● TO DO:
Nothing but the records beneath, reproduced exactly, should appear in the answer.

● EXCERPTED RECORDS:

Lemma dot_zadd l1 l2 x : dot (zadd l1 l2) x = dot l1 x + dot l2 x.
Proof.
  revert l2 x; induction l1 as [|u l1 IH]; intros [|v l2] [|w x]; simpl; try ring.
  rewrite IH, plus_IZR; ring.
Qed.

Lemma dot_scale k c x : dot (map (Z.mul k) c) x = IZR k * dot c x.
Proof.
  revert x; induction c as [|u c IH]; intros [|w x]; simpl; try ring.
  rewrite IH, mult_IZR; ring.
Qed.

Lemma dot_eliminate p e x :
  dot (eliminate p e) x = IZR (hd 0%Z p) * dot (tl e) x - IZR (hd 0%Z e) * dot (tl p) x.
Proof. unfold eliminate; rewrite dot_zadd, !dot_scale, opp_IZR; ring. Qed.

Lemma solves_eliminate eqs p u x :
  In p eqs -> solves eqs (u :: x) -> solves (map (eliminate p) eqs) x.
Proof.
  intros Hp Hsol; unfold solves in *; rewrite Forall_forall in Hsol.
  rewrite Forall_map, Forall_forall; intros e He.
  pose proof (Hsol p Hp) as Ep; pose proof (Hsol e He) as Ee.
  rewrite dot_cons_r in Ep, Ee; rewrite dot_eliminate.
  replace (dot (tl e) x) with (- IZR (hd 0%Z e) * u) by lra.
  replace (dot (tl p) x) with (- IZR (hd 0%Z p) * u) by lra; ring.
Qed.

Lemma solves_uneliminate eqs p u y :
  IZR (hd 0%Z p) <> 0 -> IZR (hd 0%Z p) * u + dot (tl p) y = 0 ->
  solves (map (eliminate p) eqs) y -> solves eqs (u :: y).
Proof.
  intros Ha Hu Hsol; unfold solves in *; rewrite Forall_map in Hsol.
  eapply Forall_impl; [|exact Hsol]; intros e He; cbv beta in He; rewrite dot_eliminate in He.
  rewrite dot_cons_r; apply (Rmult_eq_reg_l (IZR (hd 0%Z p))); [|exact Ha].
  replace (dot (tl p) y) with (- IZR (hd 0%Z p) * u) in He by lra.
  lra.
Qed.

Lemma abssum_nonneg c : 0 <= abssum c.
Proof. induction c as [|a c IH]; simpl; [lra|]; pose proof (Rabs_pos (IZR a)); lra. Qed.

Lemma dot_close c d y x :
  0 <= d -> close d y x -> Rabs (dot c y - dot c x) <= abssum c * d.
Proof.
  intros Hd Hc; revert c; induction Hc as [|u v y x Huv Hc IH]; intros [|a c]; cbn [dot];
    try (rewrite Rminus_diag, Rabs_R0; apply Rmult_le_pos; [apply abssum_nonneg|exact Hd]).
  replace (IZR a * u + dot c y - (IZR a * v + dot c x))
    with (IZR a * (u - v) + (dot c y - dot c x)) by ring.
  eapply Rle_trans; [apply Rabs_triang|]; rewrite Rabs_mult; cbn [abssum].
  pose proof (IH c); pose proof (Rabs_pos (IZR a)); pose proof (Rabs_pos (u - v)); nra.
Qed.

Lemma close_weaken d e y x : d <= e -> close d y x -> close e y x.
Proof. intros Hde; apply Forall2_impl; intros; lra. Qed.

Lemma has_denominator_mul D K y : has_denominator D y -> has_denominator (D * K) y.
Proof.
  apply Forall_impl; intros u [z Hz]; exists (z * K)%Z.
  rewrite !mult_IZR, <- Hz; ring.
Qed.

Lemma dot_has_denominator D c y :
  has_denominator D y -> exists z, dot c y * IZR D = IZR z.
Proof.
  intros Hy; revert c; induction Hy as [|u y [z Hz] Hy IH]; intros [|a c]; simpl;
    try (exists 0%Z; ring).
  destruct (IH c) as [w Hw]; exists (a * z + w)%Z.
  rewrite plus_IZR, mult_IZR, <- Hz, <- Hw; ring.
Qed.

Lemma rational_approx x eps :
  0 < eps -> exists z K, (0 < K)%Z /\ Rabs (IZR z / IZR K - x) <= eps.
Proof.
  intros He; destruct (archimed (/ eps)) as [HK _].
  pose proof (Rinv_0_lt_compat _ He).
  set (K := up (/ eps)) in *.
  assert (HKR : 0 < IZR K) by lra.
  destruct (archimed (x * IZR K)) as [Hz1 Hz2].
  exists (up (x * IZR K)), K; split; [apply lt_0_IZR; lra|].
  replace (IZR (up (x * IZR K)) / IZR K - x)
    with ((IZR (up (x * IZR K)) - x * IZR K) / IZR K) by (field; lra).
  assert (Heps : 1 <= eps * IZR K).
  { replace 1 with (eps * / eps) by (field; lra); apply Rmult_le_compat_l; lra. }
  rewrite Rabs_right.
  - apply (Rmult_le_reg_r (IZR K)); [lra|]; unfold Rdiv.
    rewrite Rmult_assoc, Rinv_l by lra; lra.
  - apply Rle_ge; unfold Rdiv; apply Rmult_le_pos; [lra|left; apply Rinv_0_lt_compat; lra].
Qed.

● EXERCISE OUTPUT:
Lemma dot_zadd l1 l2 x : dot (zadd l1 l2) x = dot l1 x + dot l2 x.
Proof.
  revert l2 x; induction l1 as [|u l1 IH]; intros [|v l2] [|w x]; simpl; try ring.
  rewrite IH, plus_IZR; ring.
Qed.

Lemma dot_scale k c x : dot (map (Z.mul k) c) x = IZR k * dot c x.
Proof.
  revert x; induction c as [|u c IH]; intros [|w x]; simpl; try ring.
  rewrite IH, mult_IZR; ring.
Qed.

Lemma dot_eliminate p e x :
  dot (eliminate p e) x = IZR (hd 0%Z p) * dot (tl e) x - IZR (hd 0%Z e) * dot (tl p) x.
Proof. unfold eliminate; rewrite dot_zadd, !dot_scale, opp_IZR; ring. Qed.

Lemma solves_eliminate eqs p u x :
  In p eqs -> solves eqs (u :: x) -> solves (map (eliminate p) eqs) x.
Proof.
  intros Hp Hsol; unfold solves in *; rewrite Forall_forall in Hsol.
  rewrite Forall_map, Forall_forall; intros e He.
  pose proof (Hsol p Hp) as Ep; pose proof (Hsol e He) as Ee.
  rewrite dot_cons_r in Ep, Ee; rewrite dot_eliminate.
  replace (dot (tl e) x) with (- IZR (hd 0%Z e) * u) by lra.
  replace (dot (tl p) x) with (- IZR (hd 0%Z p) * u) by lra; ring.
Qed.

Lemma solves_uneliminate eqs p u y :
  IZR (hd 0%Z p) <> 0 -> IZR (hd 0%Z p) * u + dot (tl p) y = 0 ->
  solves (map (eliminate p) eqs) y -> solves eqs (u :: y).
Proof.
  intros Ha Hu Hsol; unfold solves in *; rewrite Forall_map in Hsol.
  eapply Forall_impl; [|exact Hsol]; intros e He; cbv beta in He; rewrite dot_eliminate in He.
  rewrite dot_cons_r; apply (Rmult_eq_reg_l (IZR (hd 0%Z p))); [|exact Ha].
  replace (dot (tl p) y) with (- IZR (hd 0%Z p) * u) in He by lra.
  lra.
Qed.

Lemma abssum_nonneg c : 0 <= abssum c.
Proof. induction c as [|a c IH]; simpl; [lra|]; pose proof (Rabs_pos (IZR a)); lra. Qed.

Lemma dot_close c d y x :
  0 <= d -> close d y x -> Rabs (dot c y - dot c x) <= abssum c * d.
Proof.
  intros Hd Hc; revert c; induction Hc as [|u v y x Huv Hc IH]; intros [|a c]; cbn [dot];
    try (rewrite Rminus_diag, Rabs_R0; apply Rmult_le_pos; [apply abssum_nonneg|exact Hd]).
  replace (IZR a * u + dot c y - (IZR a * v + dot c x))
    with (IZR a * (u - v) + (dot c y - dot c x)) by ring.
  eapply Rle_trans; [apply Rabs_triang|]; rewrite Rabs_mult; cbn [abssum].
  pose proof (IH c); pose proof (Rabs_pos (IZR a)); pose proof (Rabs_pos (u - v)); nra.
Qed.

Lemma close_weaken d e y x : d <= e -> close d y x -> close e y x.
Proof. intros Hde; apply Forall2_impl; intros; lra. Qed.

Lemma has_denominator_mul D K y : has_denominator D y -> has_denominator (D * K) y.
Proof.
  apply Forall_impl; intros u [z Hz]; exists (z * K)%Z.
  rewrite !mult_IZR, <- Hz; ring.
Qed.

Lemma dot_has_denominator D c y :
  has_denominator D y -> exists z, dot c y * IZR D = IZR z.
Proof.
  intros Hy; revert c; induction Hy as [|u y [z Hz] Hy IH]; intros [|a c]; simpl;
    try (exists 0%Z; ring).
  destruct (IH c) as [w Hw]; exists (a * z + w)%Z.
  rewrite plus_IZR, mult_IZR, <- Hz, <- Hw; ring.
Qed.

Lemma rational_approx x eps :
  0 < eps -> exists z K, (0 < K)%Z /\ Rabs (IZR z / IZR K - x) <= eps.
Proof.
  intros He; destruct (archimed (/ eps)) as [HK _].
  pose proof (Rinv_0_lt_compat _ He).
  set (K := up (/ eps)) in *.
  assert (HKR : 0 < IZR K) by lra.
  destruct (archimed (x * IZR K)) as [Hz1 Hz2].
  exists (up (x * IZR K)), K; split; [apply lt_0_IZR; lra|].
  replace (IZR (up (x * IZR K)) / IZR K - x)
    with ((IZR (up (x * IZR K)) - x * IZR K) / IZR K) by (field; lra).
  assert (Heps : 1 <= eps * IZR K).
  { replace 1 with (eps * / eps) by (field; lra); apply Rmult_le_compat_l; lra. }
  rewrite Rabs_right.
  - apply (Rmult_le_reg_r (IZR K)); [lra|]; unfold Rdiv.
    rewrite Rmult_assoc, Rinv_l by lra; lra.
  - apply Rle_ge; unfold Rdiv; apply Rmult_le_pos; [lra|left; apply Rinv_0_lt_compat; lra].
Qed.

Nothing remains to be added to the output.